This is a heads up to those interested in Python-implemented optimization algorithms. I've updated my optimize.py module to version 0.3 by including two new unconstrained optimization algorithms to minimize a function of many variables -- one which implements a quasi-Newton algorithm (BFGS) and another which implements a practical Newton's algorithm using conjugate gradients to invert the Hessian (approximated if not provided). The license is very liberal it's available at http://oliphant.netpedia.net/packages/optimize.py Here are the docstrings:
print optimize.fminBFGS.__doc__
xopt = fminBFGS(f, fprime, x0, args=(), avegtol=1e-5, maxiter=None, fulloutput=0, printmessg=1) Optimize the function, f, whose gradient is given by fprime using the quasi-Newton method of Broyden, Fletcher, Goldfarb, and Shanno (BFGS) See Wright, and Nocedal 'Numerical Optimization', 1999, pg. 198.

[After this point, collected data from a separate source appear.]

Lemma block_diag_tr n ns (A : 'M[C]_n) : block_diag ns A -> block_diag ns A^T.
Proof. by move=> bA i j ij; rewrite mxE bA // => /esym. Qed.

Lemma block_diag_conjmx n ns (A : 'M[C]_n) :
  block_diag ns A -> block_diag ns (conjmx A).
Proof. by move=> bA i j ij; rewrite mxE bA // conjc0. Qed.

Lemma block_diag_adjmx n ns (A : 'M[C]_n) :
  block_diag ns A -> block_diag ns (adjmx A).
Proof. by move=> bA; apply/block_diag_tr/block_diag_conjmx. Qed.

Lemma LGH_set_congruence n ns p q (g : 'M[C]_n) : LGH_set ns p q g ->
  exists T S, [/\ block_diag ns T, block_diag [:: p; q] S, unitary S
                & adjmx g *m T *m conjmx g = S].
Proof.
move=> [l [o [h [[ul bl] [[B o_real] uo] [uh bh] ->]]]].
have o_conj : conjmx o = o by rewrite o_real conjmx_real.
exists (l *m l^T), (adjmx h *m conjmx h); split.
- exact: block_diag_mul (block_diag_tr bl).
- exact: block_diag_mul (block_diag_adjmx bh) (block_diag_conjmx bh).
- exact: unitary_mul (unitary_adjmx uh) (unitary_conjmx uh).
have l_tr_conj : l^T *m conjmx l = 1%:M.
  by rewrite -conjmx_adj -map_mxM unitaryC // map_mx1.
have o_tr : adjmx o *m conjmx o = 1%:M by rewrite o_conj unitaryC.
rewrite !adjmxM !map_mxM !mulmxA -(mulmxA _ (adjmx l)) unitaryC // mulmx1.
by rewrite -(mulmxA _ l^T) l_tr_conj mulmx1 -(mulmxA _ (adjmx o)) o_tr mulmx1.
Qed.

Lemma perm_sandwich_congr n (s u : 'S_n) (D T : 'M[C]_n) :
  let g := (perm_mx s)^T *m D *m perm_mx u in
  perm_mx u *m (adjmx g *m T *m conjmx g) *m (perm_mx u)^T
    = adjmx D *m (perm_mx s *m T *m (perm_mx s)^T) *m conjmx D.
Proof.
rewrite /= !adjmxM !map_mxM !tr_perm_mx !adjmx_perm !conjmx_perm invgK !mulmxA.
rewrite -perm_mxM mulgV perm_mx1 mul1mx -!mulmxA -perm_mxM mulgV perm_mx1.
by rewrite mulmx1.
Qed.

End ConjugateTranspose.

Section Gadget.
Variable R : rcfType.
Local Notation C := R[i].
Local Notation conjmx := (map_mx (@conjc R)).
Local Open Scope complex_scope.
(* If some nonzero Hom-Lie structure [psi] has [psi \o psi = 0], then [A = im psi]
   and [B = ker psi] satisfy (ii).  Otherwise HomLie(L) is a subspace of End(L)
   that is closed under squares ([f * f = f \o f]) and reduced ([f \o f = 0] forces
   [f = 0]); hence it has no nilpotents, and no nonzero solvable ideal since the
   Jordan square of an ideal contains [f \o f] for each basis vector [f].
   Over an algebraically closed field, such a subspace [H] with a unit [u] is
   spanned by orthogonal idempotents, by induction on its dimension: an element
   outside [K u] yields, through a polynomial relation, an idempotent [e <> 0, u];
   the Peirce corners [e H e] and [e' H e'] ([e' = u - e]) are smaller, and
   [e H e' = 0] because [a h b = 0] for orthogonal absolutely primitive idempotents
   [a], [b] of a reduced [H].  Coordinates in such a basis identify HomLie(L)
   with [K^n]. *)

Local Notation "f ** g" := (comp_lfun f g) (at level 40, left associativity).

Section LieBracket.
Variables (K : fieldType) (V : vectType K) (br : V -> V -> V).
Hypothesis br_lie : is_lie br.

Lemma br_linl a x y z : br (a *: x + y) z = a *: br x z + br y z.
Proof. by case: br_lie. Qed.

Lemma br_linr a x y z : br z (a *: x + y) = a *: br z x + br z y.
Proof. by case: br_lie. Qed.

Lemma br_jacobi x y z : br x (br y z) + br y (br z x) + br z (br x y) = 0.
Proof. by case: br_lie. Qed.

Lemma br_addl x y z : br (x + y) z = br x z + br y z.
Proof. by rewrite -[x]scale1r br_linl !scale1r. Qed.

Lemma br_addr x y z : br z (x + y) = br z x + br z y.
Proof. by rewrite -[x]scale1r br_linr !scale1r. Qed.

Lemma br0r z : br z 0 = 0.
Proof. by apply: (@addrI _ (br z 0)); rewrite -br_addr !addr0. Qed.

Lemma br_anti x y : br x y = - br y x.
Proof.
have [_ _ br_alt _] := br_lie.
apply/eqP; rewrite -addr_eq0; apply/eqP.
by have := br_alt (x + y); rewrite br_addl !br_addr !br_alt add0r addr0.
Qed.

Lemma br_oppl x y : br (- x) y = - br x y.
Proof. by apply/eqP; rewrite -addr_eq0 -br_addl addNr br_anti br0r oppr0. Qed.

Lemma homlie0 : is_homlie br 0.
Proof. by move=> x y z; rewrite !lfunE /= !br0r !addr0. Qed.

Lemma homlie_lin a f g : is_homlie br f -> is_homlie br g -> is_homlie br (a *: f + g).
Proof.
move=> hf hg x y z; rewrite !lfunE /= !lfunE /= !br_linr.
by rewrite (addrACA (a *: _)) (addrACA (a *: _ + a *: _)) -!scalerDr hf hg scaler0 addr0.
Qed.

Lemma homlie_id : is_homlie br \1%VF.
Proof.
move=> x y z; rewrite !id_lfunE (br_anti (br x y)) (br_anti (br z x)) (br_anti (br y z)).
by rewrite -!opprD addrC addrCA addrA br_jacobi oppr0.
Qed.

Lemma cond_ii_of_sqr0 (psi : 'End(V)) :
  is_homlie br psi -> psi != 0 -> psi ** psi = 0 -> cond_ii br.
Proof.
move=> hpsi psi_neq0 psi2.
have psi2E v : psi (psi v) = 0 by rewrite -comp_lfunE psi2 lfunE.
have imKer : (limg psi <= lker psi)%VS.
  by apply/subvP => _ /memv_imgP [v _ ->]; rewrite memv_ker psi2E.
have im_neq0 : limg psi != 0%VS.
  apply: contraNneq psi_neq0 => im0; apply/eqP/lfunP => v; rewrite lfunE /=.
  by apply/eqP; rewrite -memv0 -im0 memv_img ?memvf.
have kerB b u v : b \in lker psi -> br (br b (psi u)) (psi v) = 0.
  rewrite memv_ker => /eqP psib.
  by have := hpsi (psi u) v b; rewrite psib psi2E !br0r add0r addr0.
exists (limg psi), (lker psi); split.
- by split=> //; apply: contraNneq im_neq0 => ker0; rewrite -subv0 -ker0.
- exact: imKer.
- by rewrite addnC -(limg_ker_dim psi fullv) capfv.
- move=> _ _ b /memv_imgP [u _ ->] /memv_imgP [u' _ ->] bB.
  have := br_jacobi b (psi u) (psi u').
  rewrite (br_anti (psi u') (br b _)) kerB // oppr0 addr0.
  rewrite (br_anti (psi u) (br _ b)) (br_anti (psi u') b) br_oppl opprK kerB //.
  by rewrite addr0 br_anti => /eqP; rewrite oppr_eq0 => /eqP.
- move=> b b' _ bB b'B /memv_imgP [u _ ->].
  move: bB b'B; rewrite !memv_ker => /eqP psib /eqP psib'.
  by have := hpsi b b' u; rewrite psib psib' !br0r !addr0.
Qed.

End LieBracket.

Lemma ltn_dimv (K : fieldType) (vT : vectType K) (U W : {vspace vT}) w :
  (U <= W)%VS -> w \in W -> w \notin U -> (\dim U < \dim W)%N.
Proof.
move=> sUW wW wU; rewrite (ltn_leqif (dimv_leqif_sup sUW)).
by apply: contra wU => /subvP; apply.
Qed.

Lemma vspace_of_linear_pred (K : fieldType) (vT : vectType K) (P : vT -> Prop) :
  P 0 -> (forall a u v, P u -> P v -> P (a *: u + v)) ->
  exists U : {vspace vT}, forall v, v \in U <-> P v.
Proof.
move=> P0 Plin.
have maximal (U : {vspace vT}) : {in U, forall v, P v} -> ~ (exists2 v, P v & v \notin U) ->
    exists U : {vspace vT}, forall v, v \in U <-> P v.
  move=> UP noP; exists U => v; split=> [/UP // | Pv].
  by apply: contra_notT noP => vU; exists v.
suff /(_ _ 0%VS (leqnn _)) : forall k (U : {vspace vT}), (\dim {:vT} - \dim U <= k)%N ->
    {in U, forall v, P v} -> exists U : {vspace vT}, forall v, v \in U <-> P v.
  by apply=> v; rewrite memv0 => /eqP ->.
elim=> [|k IHk] U codimU UP.
all: have [[v Pv vU] | ] := classic (exists2 v, P v & v \notin U); last exact: maximal.
  have /eqP fullU : (U == fullv)%VS by rewrite eqEdim subvf -subn_eq0 -leqn0.
  by rewrite fullU memvf in vU.
have ltUv : (\dim U < \dim (U + <[v]>))%N.
  exact: ltn_dimv (addvSl _ _) (subvP (addvSr _ _) _ (memv_line v)) vU.
apply: (IHk (U + <[v]>)%VS); first by move: (dimvS (subvf (U + <[v]>))) ltUv codimU; lia.
move=> _ /memv_addP [w wU [_ /vlineP [a ->] ->]].
by rewrite addrC; apply: Plin => //; apply: UP.
Qed.

Section JordanPowers.
Variables (K : fieldType) (V : vectType K).
Hypothesis two_neq0 : (2%:R : K) != 0.
Implicit Types f g : 'End(V).

Lemma jmul_commute f g : f ** g = g ** f -> jmul f g = f ** g.
Proof. by move=> fg; rewrite /jmul -fg -mulr2n -scaler_nat scalerA mulVf ?scale1r. Qed.

Lemma jpowE f n : jpow n f = iter n (comp_lfun f) f.
Proof.
have comm m : f ** iter m (comp_lfun f) f = iter m (comp_lfun f) f ** f.
  by elim: m => //= m IHm; rewrite -comp_lfunA -IHm.
by elim: n => // n IHn; rewrite /jpow !iterS -/(jpow n f) IHn jmul_commute.
Qed.

Lemma jpowS f n : jpow n.+1 f = f ** jpow n f.
Proof. by rewrite !jpowE. Qed.

Lemma jpow_comp f m n : jpow m f ** jpow n f = jpow (m + n).+1 f.
Proof.
elim: m => [|m IHm]; first by rewrite jpowS.
by rewrite jpowS -comp_lfunA IHm addSn (jpowS f (m + n).+1).
Qed.

Lemma jpow_eq0 f m k : jpow m f = 0 -> (m <= k)%N -> jpow k f = 0.
Proof.
move=> fm0 /subnK <-; elim: (k - m)%N => [|i IHi]; first by rewrite add0n.
by rewrite addSn jpowS IHi comp_lfun0r.
Qed.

print optimize.fminNCG.__doc__
xopt = fminNCG(f, fprime, x0, fhess_p=None, args=(), avextol=1e-5, maxiter=None, fulloutput=0, printmessg=1) Optimize the function, f, whose gradient is given by fprime using the Newton-CG method. fhess_p must compute the hessian times an arbitrary vector. If it is not given, finite-differences on fprime are used to compute it. See Wright, and Nocedal 'Numerical Optimization', 1999, pg. 140.